Hot Rock Shrimp Dip

Rock shrimp looked fresh at the seafood shop, so I adapted a recipe originally written for crawfish. It was a Cajun recipe, and so it called for chopped bell pepper which I rarely use, but it is essential for this Cajun flavoring. This recipe is fantastic and a real crowd pleaser, so here’s how it goes:


  • 1/2 cup butter
  • 1 cup diced white or yellow onion
  • 1 cup diced celery (leaves and stalks)
  • 1 bunch green onions, sliced (about 1 cup)
  • 1 small green bell pepper, diced
  • 2 garlic cloves, minced
  • 1 (4-oz.) jar diced pimiento, drained
  • 2 teaspoons Creole seasoning (or more, to taste)
  • 1 teaspoon Old Bay seasoning (or more, to taste)
  • 1/8 teaspoon cayenne pepper
  • 2 tablespoons flour
  • 1 pound of rock shrimp, crawfish tails or diced shrimp (uncooked)
  • 1 (8-oz.) package cream cheese, softened
  • French bread baguette slices or scoop chips
  • Garnishes: sliced green onion, chopped flat-leaf parsley


Melt butter in a Dutch oven over medium heat; add onion, celery, green onions and bell pepper.

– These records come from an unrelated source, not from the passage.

(* Let $c,k_1,k_2,k_3,k_4$ be real constants with $k_1\neq0$, and let $F$ be a smooth function of $x$ on an interval satisfying identically $$\Big(F(x)+\frac{k_3}{2}\Big)\Big(F(x)+\frac{c}{k_1}x+\frac{k_2}{k_1}-k_3\Big)^2=k_4.$$ Then for $V(x,y)=cy+F(x)$ the function $$J=k_1\dot x^3+\dot x^2\dot y+\big(3k_1F(x)+cx+k_2\big)\dot x+\big(2F(x)+k_3\big)\dot y$$ is a first integral of $\ddot x=-V_{,x}$, $\ddot y=-V_{,y}$.
   Context: A first integral is a function of $(t,x,y,\dot x,\dot y)$ whose total time derivative vanishes along every solution of the given equations of motion. *)

From Stdlib Require Import Reals.
From Coquelicot Require Import Coquelicot.
Open Scope R_scope.

Definition in_oint (a b : Rbar) (x : R) : Prop := Rbar_lt a x /\ Rbar_lt x b.

Definition smooth_on (a b : Rbar) (F : R -> R) : Prop :=
  forall (n : nat) (x : R), in_oint a b x -> ex_derive_n F n x.

Definition V (c : R) (F : R -> R) (x y : R) : R := c * y + F x.

Definition V_x (c : R) (F : R -> R) (x y : R) : R := Derive (fun u => V c F u y) x.
Definition V_y (c : R) (F : R -> R) (x y : R) : R := Derive (fun v => V c F x v) y.

Definition J (c k1 k2 k3 : R) (F : R -> R) (x y xd yd : R) : R :=
  k1 * xd ^ 3 + xd ^ 2 * yd + (3 * k1 * F x + c * x + k2) * xd
  + (2 * F x + k3) * yd.

Definition is_solution (c : R) (F : R -> R) (a b t0 t1 : Rbar)
  (x y xd yd : R -> R) : Prop :=
  forall t, in_oint t0 t1 t ->
    in_oint a b (x t) /\
    is_derive x t (xd t) /\ is_derive y t (yd t) /\
    is_derive xd t (- V_x c F (x t) (y t)) /\
    is_derive yd t (- V_y c F (x t) (y t)).

Definition first_integral (c : R) (F : R -> R) (a b : Rbar)
  (I : R -> R -> R -> R -> R -> R) : Prop :=
  forall (t0 t1 : Rbar) (x y xd yd : R -> R),
    is_solution c F a b t0 t1 x y xd yd ->
    forall t, in_oint t0 t1 t ->
      is_derive (fun s => I s (x s) (y s) (xd s) (yd s)) t 0.

From Stdlib Require Import Reals Lra Classical.
From Coquelicot Require Import Coquelicot.
Open Scope R_scope.

(* Along a solution x'' = -F'(x), y'' = -c of the potential V = c y + F(x),
   the time derivative of J is

     dJ/dt = - [ F'(x) (3 k1 F(x) + c x + k2) + c (2 F(x) + k3) ] = - Q(x),

   so J is a first integral iff the "obstruction" Q vanishes on the domain.
   Writing P = F + k3/2 and G = F + (c/k1) x + k2/k1 - k3, the hypothesis says
   P G^2 = k4 is constant; differentiating gives G (F' G + 2 P G') = 0, and
   k1 (F' G + 2 P G') = Q, hence Q G = 0 on the interval.  If Q(x0) <> 0,
   continuity of Q (F is C^2) forces G = 0 near x0, so G'(x0) = 0, i.e.
   F'(x0) = -c/k1, and then Q(x0) = -c G(x0) = 0, a contradiction. *)

Lemma locally_in_oint (a b : Rbar) (x : R) :
  in_oint a b x -> locally x (in_oint a b).
Proof.
  intros [hax hxb].
  exact (filter_and _ _ (open_Rbar_gt' x a hax) (open_Rbar_lt' x b hxb)).
Qed.

Lemma locally_zero_factor (f g : R -> R) (x : R) :
  continuous f x -> f x <> 0 ->
  locally x (fun u => f u * g u = 0) -> locally x (fun u => g u = 0).
Proof.
  intros hf hfx hfg.
  assert (hnz : locally x (fun u => f u <> 0)).
  { exact (hf (fun v => v <> 0) (open_neq 0 (f x) hfx)). }
  generalize (filter_and _ _ hnz hfg). apply filter_imp.
  intros u [hu hprod].
  destruct (Rmult_integral _ _ hprod); [contradiction | assumption].
Qed.

Section FirstIntegral.

Variables (c k1 k2 k3 : R) (F : R -> R).

Definition constraint_factor (u : R) : R := F u + c / k1 * u + k2 / k1 - k3.

(* The obstruction Q: minus the time derivative of J along solutions. *)
Definition obstruction (u : R) : R :=
  Derive F u * (3 * k1 * F u + c * u + k2) + c * (2 * F u + k3).

Lemma is_derive_constraint_factor (u : R) :
  ex_derive F u -> is_derive constraint_factor u (Derive F u + c / k1).
Proof.
  intros hF. unfold constraint_factor.
  auto_derive; [exact hF | change (fun x : R => F x) with F; ring].
Qed.

Lemma V_x_eq (u v : R) : ex_derive F u -> V_x c F u v = Derive F u.
Proof.
  intros hF. unfold V_x, V. apply is_derive_unique.
  auto_derive; [exact hF | change (fun x : R => F x) with F; ring].
Qed.

Lemma V_y_eq (u v : R) : V_y c F u v = c.
Proof.
  unfold V_y, V. apply is_derive_unique. auto_derive; [exact I | ring].
Qed.

Lemma is_derive_J_along (x y xd yd : R -> R) (t : R) :
  ex_derive F (x t) ->
  is_derive x t (xd t) ->
  is_derive xd t (- V_x c F (x t) (y t)) ->
  is_derive yd t (- V_y c F (x t) (y t)) ->
  is_derive (fun s => J c k1 k2 k3 F (x s) (y s) (xd s) (yd s)) t
            (- obstruction (x t)).
Proof.
  intros hF hx hxd hyd.
  rewrite (V_x_eq _ _ hF) in hxd. rewrite V_y_eq in hyd.
  unfold J. auto_derive.
  - repeat split; first [exact I | exact hF | eexists; eassumption].
  - change (fun s : R => x s) with x;
    change (fun s : R => xd s) with xd; change (fun s : R => yd s) with yd;
    change (fun s : R => F s) with F.
    rewrite (is_derive_unique _ _ _ hx),
            (is_derive_unique _ _ _ hxd), (is_derive_unique _ _ _ hyd).
    unfold obstruction. ring.
Qed.

Hypothesis k1_neq0 : k1 <> 0.

(* Differentiating (F + k3/2) G^2 = k4 gives Q G = 0 on the interval. *)
Lemma obstruction_mul_factor (a b : Rbar) (k4 : R) (u : R) :
  (forall x, in_oint a b x -> ex_derive F x) ->
  (forall x, in_oint a b x -> (F x + k3 / 2) * constraint_factor x ^ 2 = k4) ->
  in_oint a b u -> obstruction u * constraint_factor u = 0.
Proof.
  intros hF hconstr hu.
  set (P := fun x => (F x + k3 / 2) * constraint_factor x ^ 2).
  assert (hP0 : is_derive P u 0).
  { apply is_derive_ext_loc with (f := fun _ => k4);
      [| exact (is_derive_const k4 u)].
    generalize (locally_in_oint a b u hu). apply filter_imp.
    intros v hv. symmetry. exact (hconstr v hv). }
  assert (hG := is_derive_constraint_factor u (hF u hu)).
  assert (hP : is_derive P u
     (Derive F u * constraint_factor u ^ 2
      + (F u + k3 / 2) * (2 * constraint_factor u * (Derive F u + c / k1)))).
  { unfold P. auto_derive.
    - repeat split; [exact (hF u hu) | eexists; exact hG].
    - change (fun x : R => F x) with F;
      change (fun x : R => constraint_factor x) with constraint_factor.
      rewrite (is_derive_unique _ _ _ hG). ring. }
  apply is_derive_unique in hP.
  rewrite (is_derive_unique _ _ _ hP0) in hP.
  transitivity
    (k1 * (Derive F u * constraint_factor u ^ 2
           + (F u + k3 / 2) * (2 * constraint_factor u * (Derive F u + c / k1)))).
  - unfold obstruction, constraint_factor. field. exact k1_neq0.
  - rewrite <- hP. ring.
Qed.

Lemma obstruction_at_double_root (u : R) :
  constraint_factor u = 0 -> Derive F u + c / k1 = 0 -> obstruction u = 0.
Proof.
  intros hG hG'.
  transitivity (- c * constraint_factor u).
  - unfold obstruction, constraint_factor.
    replace (Derive F u) with (- (c / k1)) by lra.
    field. exact k1_neq0.
  - rewrite hG. ring.
Qed.

Lemma obstruction_vanishes (a b : Rbar) (k4 : R) (u : R) :
  (forall x, in_oint a b x -> ex_derive F x) ->
  (forall x, in_oint a b x -> ex_derive (Derive F) x) ->
  (forall x, in_oint a b x -> (F x + k3 / 2) * constraint_factor x ^ 2 = k4) ->
  in_oint a b u -> obstruction u = 0.
Proof.
  intros hF hF' hconstr hu. apply NNPP. intros hQ.
  assert (hQcont : continuous obstruction u).
  { apply (@ex_derive_continuous R_AbsRing R_NormedModule).
    unfold obstruction. auto_derive.
    repeat split; first [exact (hF u hu) | exact (hF' u hu)]. }
  assert (hGnear : locally u (fun v => constraint_factor v = 0)).
  { apply (locally_zero_factor _ _ _ hQcont hQ).
    generalize (locally_in_oint a b u hu). apply filter_imp.
    intros v hv. exact (obstruction_mul_factor a b k4 v hF hconstr hv). }
  assert (hG' : is_derive constraint_factor u 0).
  { apply is_derive_ext_loc with (f := fun _ => 0);
      [| exact (is_derive_const 0 u)].
    generalize hGnear. apply filter_imp. intros v hv. symmetry. exact hv. }
  apply hQ, obstruction_at_double_root.
  - exact (locally_singleton _ _ hGnear).
  - rewrite <- (is_derive_unique _ _ _ hG').
    symmetry. apply is_derive_unique, is_derive_constraint_factor, hF, hu.
Qed.

End FirstIntegral.

Theorem mainTheorem12 (c k1 k2 k3 k4 : R) (a b : Rbar) (F : R -> R) :
  k1 <> 0 ->
  Rbar_lt a b ->
  smooth_on a b F ->
  (forall x, in_oint a b x ->
     (F x + k3 / 2) * (F x + c / k1 * x + k2 / k1 - k3) ^ 2 = k4) ->
  first_integral c F a b (fun _ x y xd yd => J c k1 k2 k3 F x y xd yd).
Proof.
  intros hk1 _ hsmooth hconstr t0 t1 x y xd yd hsol t ht.
  assert (hF : forall u, in_oint a b u -> ex_derive F u)
    by (intros u hu; exact (hsmooth 1%nat u hu)).
  assert (hF' : forall u, in_oint a b u -> ex_derive (Derive F) u)
    by (intros u hu; exact (hsmooth 2%nat u hu)).
  destruct (hsol t ht) as [hxt [hx [_ [hxd hyd]]]].
  pose proof (is_derive_J_along c k1 k2 k3 F x y xd yd t
                (hF _ hxt) hx hxd hyd) as hJ.
  rewrite (obstruction_vanishes c k1 k2 k3 F hk1 a b k4 (x t) hF hF' hconstr hxt)
    in hJ.
  rewrite Ropp_0 in hJ. exact hJ.
Qed.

Cook over medium heat, stirring occasionally, about 5 minutes or until bell pepper is tender, adding garlic in the last 2 minutes of cooking. Add pimento and seasonings, stirring to warm through. Add flour and stir well to incorporate, 

Stir in crawfish and raise the heat to medium-high; cook, stirring occasionally, about 5 minutes. Reduce heat to low and stir in cream cheese until mixture is smooth and bubbly. Garnish, and serve with toasted French bread slices or scoop shaped chips.

Chef’s Notes

Be careful with creole seasoning – it can be salty. Zataran’s is more red-pepper forward and not too salty, but with some other Cajun spice mixes, by the time you develop enough Creole flavor then it gets too salty.